─── Data for the task

From HB Require Import structures.
From mathcomp Require Import all_boot all_order all_algebra.
From mathcomp Require Import finmap.
From mathcomp.multinomials Require Import monalg.
From mathcomp Require Import zify ring.

Set Implicit Arguments.
Unset Strict Implicit.
Unset Printing Implicit Defensive.
Import GRing.Theory.

(* Let delta = [o, -] be the bracket with the nullary operation o.  It is a
   derivation of the bracket and never increases arity.  For n > 0, the
   coefficient of the left comb c with n + 1 leaves in [x, y] is
     n (x_1 y_c - x_c y_1) + x_o (delta y)_c - y_o (delta x)_c,
   where 1 is the trivial tree.  Hence the elements x with (delta^k x)_c = 0
   for all k form a Lie subalgebra; it contains every element of arity at
   most n, so no finite family generates the whole Lie algebra. *)

Lemma leaves_gt0 t : 0 < leaves t.
Proof. by elim: t => //= l IH r _; rewrite addn_gt0 IH. Qed.

Lemma leaves_graft b t a : leaves (graft b t a) = leaves b + leaves a - 1.
Proof.
elim: b t => [|l IHl r IHr] t /=; first lia.
have := leaves_gt0 a; have := leaves_gt0 l; have := leaves_gt0 r.
by case: ifP => _ /=; [rewrite IHl | rewrite IHr]; lia.
Qed.

Lemma graft_Leaf b t : graft b t Leaf = b.
Proof. by elim: b t => [|l IHl r IHr] t //=; case: ifP; rewrite ?IHl ?IHr. Qed.

Lemma erase_eq_None b s : erase b s = None -> b = Leaf.
Proof.
by case: b => //= l r; case: ifP; [case: (erase l s) | case: (erase r _)].
Qed.

Lemma tarity_erase b s : tarity (erase b s) = (leaves b).-1.
Proof.
elim: b s => [|l IHl r IHr] s //=.
have := leaves_gt0 l; have := leaves_gt0 r.
case: ifP => _.
  case E: (erase l s) => [l'|] /=; last by rewrite (erase_eq_None E) /=; lia.
  by have := IHl s; rewrite E /= => ->; lia.
case E: (erase r _) => [r'|] /=; last by rewrite (erase_eq_None E) /=; lia.
by have := IHr (s - leaves l); rewrite E /= => ->; lia.
Qed.

Lemma erase_graft_before b a t u : 1 <= u < t -> t <= leaves b ->
  erase (graft b t a) u = tcomp (erase b u) t.-1 (Some a).
Proof.
elim: b t u => [|l IHl r IHr] t u /=; first lia.
move=> /andP[u_gt0 ut] tb.
have a_gt0 := leaves_gt0 a; have l_gt0 := leaves_gt0 l; have r_gt0 := leaves_gt0 r.
case: (leqP t (leaves l)) => tl /=.
  rewrite leaves_graft ifT; last lia.
  rewrite IHl ?u_gt0 // ifT; last lia.
  case E: (erase l u) => [l'|] /=; last by rewrite (erase_eq_None E) /= in tl; lia.
  have := tarity_erase l u; rewrite E /= => l'E.
  by rewrite ifT //; lia.
case: (leqP u (leaves l)) => ul.
  case E: (erase l u) => [l'|] /=; last first.
    by rewrite (erase_eq_None E) /=; do 3 f_equal; lia.
  have := tarity_erase l u; rewrite E /= => l'E.
  by rewrite ifF; [do 3 f_equal|]; lia.
rewrite IHr; [|lia|lia].
case E: (erase r (u - leaves l)) => [r'|] /=; last first.
  by rewrite (erase_eq_None E) /= in tb; lia.
have := tarity_erase r (u - leaves l); rewrite E /= => r'E.
by rewrite ifF; [do 3 f_equal|]; lia.
Qed.

Lemma erase_graft_within b a t s : 1 <= t <= leaves b -> 1 <= s <= leaves a ->
  erase (graft b t a) (t + s - 1) = tcomp (Some b) t (erase a s).
Proof.
elim: b t => [|l IHl r IHr] t /= tb sa.
  have -> : t = 1 by lia.
  by rewrite add1n subn1 /=; case: (erase a s).
have a_gt0 := leaves_gt0 a; have l_gt0 := leaves_gt0 l; have r_gt0 := leaves_gt0 r.
case: (leqP t (leaves l)) => tl /=.
  rewrite leaves_graft ifT; last lia.
  by rewrite IHl; [case: (erase a s) => //= a'; rewrite tl | lia | lia].
rewrite ifF; last lia.
have -> : t + s - 1 - leaves l = t - leaves l + s - 1 by lia.
rewrite IHr; [|lia|lia].
by case: (erase a s) => //= a'; rewrite ifF //; lia.
Qed.

Lemma erase_graft_after b a t x : 1 <= t < x -> x <= leaves b ->
  erase (graft b t a) (x + leaves a - 1) = tcomp (erase b x) t (Some a).
Proof.
elim: b t x => [|l IHl r IHr] t x /=; first lia.
move=> /andP[t_gt0 tx] xb.
have a_gt0 := leaves_gt0 a; have l_gt0 := leaves_gt0 l; have r_gt0 := leaves_gt0 r.
case: (leqP t (leaves l)) => tl /=.
  rewrite leaves_graft.
  case: (leqP x (leaves l)) => xl.
    rewrite !ifT; try lia.
    rewrite IHl ?t_gt0 //.
    case E: (erase l x) => [l'|] /=; last by rewrite (erase_eq_None E) /= in xl; lia.
    have := tarity_erase l x; rewrite E /= => l'E.
    by rewrite ifT //; lia.
  rewrite !ifF; try lia.
  have -> : x + leaves a - 1 - (leaves l + leaves a - 1) = x - leaves l by lia.
  by case: (erase r (x - leaves l)) => //= r'; rewrite ifT.
rewrite !ifF; try lia.
have -> : x + leaves a - 1 - leaves l = x - leaves l + leaves a - 1 by lia.
rewrite IHr; [|lia|lia].
case E: (erase r (x - leaves l)) => [r'|] /=; last first.
  by rewrite (erase_eq_None E) /= in xb; lia.
have := tarity_erase r (x - leaves l); rewrite E /= => r'E.
by rewrite ifF; [do 3 f_equal|]; lia.
Qed.

Fixpoint comb n : btree := if n is n'.+1 then Node (comb n') Leaf else Leaf.

Fixpoint is_comb t : bool :=
  if t is Node l r then is_comb l && (r == Leaf) else true.

Lemma leaves_comb n : leaves (comb n) = n.+1.
Proof. by elim: n => //= n ->; rewrite addn1. Qed.

Lemma is_comb_comb n : is_comb (comb n).
Proof. by elim: n => //= n ->. Qed.

Lemma eq_comb t n : (t == comb n) = is_comb t && (leaves t == n.+1).
Proof.
apply/eqP/andP => [-> | []]; first by rewrite is_comb_comb leaves_comb.
elim: t n => [|l IHl r _] [|n] //=.
- by move=> _ /eqP; have := leaves_gt0 l; have := leaves_gt0 r; lia.
- by move=> /andP[cl /eqP->]; rewrite addn1 eqSS => /(IHl n cl)->.
Qed.

Lemma graft_eq_Leaf b t a : a != Leaf -> (graft b t a == Leaf) = false.
Proof. by case: b => [|l r] /= aL; [apply/negbTE | case: ifP]. Qed.

Lemma is_comb_graft b t a : 1 <= t <= leaves b -> a != Leaf ->
  is_comb (graft b t a) = [&& is_comb b, is_comb a & t == 1].
Proof.
elim: b t => [|l IHl r IHr] t /= tb aL.
  by rewrite (_ : t = 1) ?andbT //; lia.
have := leaves_gt0 l.
case: ifP => tl /= l_gt0.
  by rewrite IHl ?aL //; [rewrite -!andbA; do 3 bool_congr | lia].
by rewrite graft_eq_Leaf // (_ : t == 1 = false) ?andbF //; apply/eqP; lia.
Qed.

Local Open Scope ring_scope.

(* Reindex the pairs [(u, t)] with [u <> t] by [(u, t - (u < t))]. *)
Lemma sum_nat_offdiag (V : zmodType) (F : nat -> nat -> V) j :
  \sum_(1 <= t < j.+1) (\sum_(1 <= u < t) F u t.-1 + \sum_(t.+1 <= x < j.+1) F x t)
  = \sum_(1 <= x < j.+1) \sum_(1 <= y < j) F x y.
Proof.
elim: j => [|j IH]; first by rewrite !big_geq.
case: (posnP j) => [-> | j_gt0]; first by rewrite !big_nat1 !big_geq // addr0.
rewrite big_nat_recr //= [in X in _ + X](@big_geq _ _ _ j.+2) // addr0.
rewrite (@eq_big_nat _ _ _ 1 j.+1 _ (fun t =>
   (\sum_(1 <= u < t) F u t.-1 + \sum_(t.+1 <= x < j.+1) F x t) + F j.+1 t)); last first.
  by move=> t /andP[_ tj]; rewrite [in LHS](big_nat_recr j.+1) //= addrA.
rewrite big_split /= IH [in RHS]big_nat_recr //=.
rewrite (@eq_big_nat _ _ _ 1 j.+1 (fun x => \sum_(1 <= y < j.+1) F x y)
   (fun x => \sum_(1 <= y < j) F x y + F x j)); last first.
  by move=> x _; rewrite big_nat_recr.
by rewrite big_split /= -!addrA [X in _ + X]addrC.
Qed.

Section LinearExtension.
Variables (K : choiceType) (R : comNzRingType) (V : lmodType R).
Implicit Types (F G : K -> V) (x y : {malg R[K]}).

Definition lin F x : V := \sum_(a <- msupp x) x@_a *: F a.

Lemma linEw F x (d : {fset K}) : (msupp x `<=` d)%fset ->
  lin F x = \sum_(a <- d) x@_a *: F a.
Proof.
move=> le; rewrite /lin (big_fset_incl _ le) //= => a _ /mcoeff_outdom ->.
by rewrite scale0r.
Qed.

──────

» **Goal of the exercise**: Every line above from the line with "Proof. by elim: n => //= n ->;" to the line with "rewrite (@eq_big_nat _ _ _ 1 j.+1 (fun", inclusive, must be returned exactly; no other line belongs in the reply.

» **Response to this exercise**:
Proof. by elim: n => //= n ->; rewrite addn1. Qed.

Lemma is_comb_comb n : is_comb (comb n).
Proof. by elim: n => //= n ->. Qed.

Lemma eq_comb t n : (t == comb n) = is_comb t && (leaves t == n.+1).
Proof.
apply/eqP/andP => [-> | []]; first by rewrite is_comb_comb leaves_comb.
elim: t n => [|l IHl r _] [|n] //=.
- by move=> _ /eqP; have := leaves_gt0 l; have := leaves_gt0 r; lia.
- by move=> /andP[cl /eqP->]; rewrite addn1 eqSS => /(IHl n cl)->.
Qed.

Lemma graft_eq_Leaf b t a : a != Leaf -> (graft b t a == Leaf) = false.
Proof. by case: b => [|l r] /= aL; [apply/negbTE | case: ifP]. Qed.

Lemma is_comb_graft b t a : 1 <= t <= leaves b -> a != Leaf ->
  is_comb (graft b t a) = [&& is_comb b, is_comb a & t == 1].
Proof.
elim: b t => [|l IHl r IHr] t /= tb aL.
  by rewrite (_ : t = 1) ?andbT //; lia.
have := leaves_gt0 l.
case: ifP => tl /= l_gt0.
  by rewrite IHl ?aL //; [rewrite -!andbA; do 3 bool_congr | lia].
by rewrite graft_eq_Leaf // (_ : t == 1 = false) ?andbF //; apply/eqP; lia.
Qed.

Local Open Scope ring_scope.

(* Reindex the pairs [(u, t)] with [u <> t] by [(u, t - (u < t))]. *)
Lemma sum_nat_offdiag (V : zmodType) (F : nat -> nat -> V) j :
  \sum_(1 <= t < j.+1) (\sum_(1 <= u < t) F u t.-1 + \sum_(t.+1 <= x < j.+1) F x t)
  = \sum_(1 <= x < j.+1) \sum_(1 <= y < j) F x y.
Proof.
elim: j => [|j IH]; first by rewrite !big_geq.
case: (posnP j) => [-> | j_gt0]; first by rewrite !big_nat1 !big_geq // addr0.
rewrite big_nat_recr //= [in X in _ + X](@big_geq _ _ _ j.+2) // addr0.
rewrite (@eq_big_nat _ _ _ 1 j.+1 _ (fun t =>
   (\sum_(1 <= u < t) F u t.-1 + \sum_(t.+1 <= x < j.+1) F x t) + F j.+1 t)); last first.
  by move=> t /andP[_ tj]; rewrite [in LHS](big_nat_recr j.+1) //= addrA.
rewrite big_split /= IH [in RHS]big_nat_recr //=.
rewrite (@eq_big_nat _ _ _ 1 j.+1 (fun x => \sum_(1 <= y < j.+1) F x y)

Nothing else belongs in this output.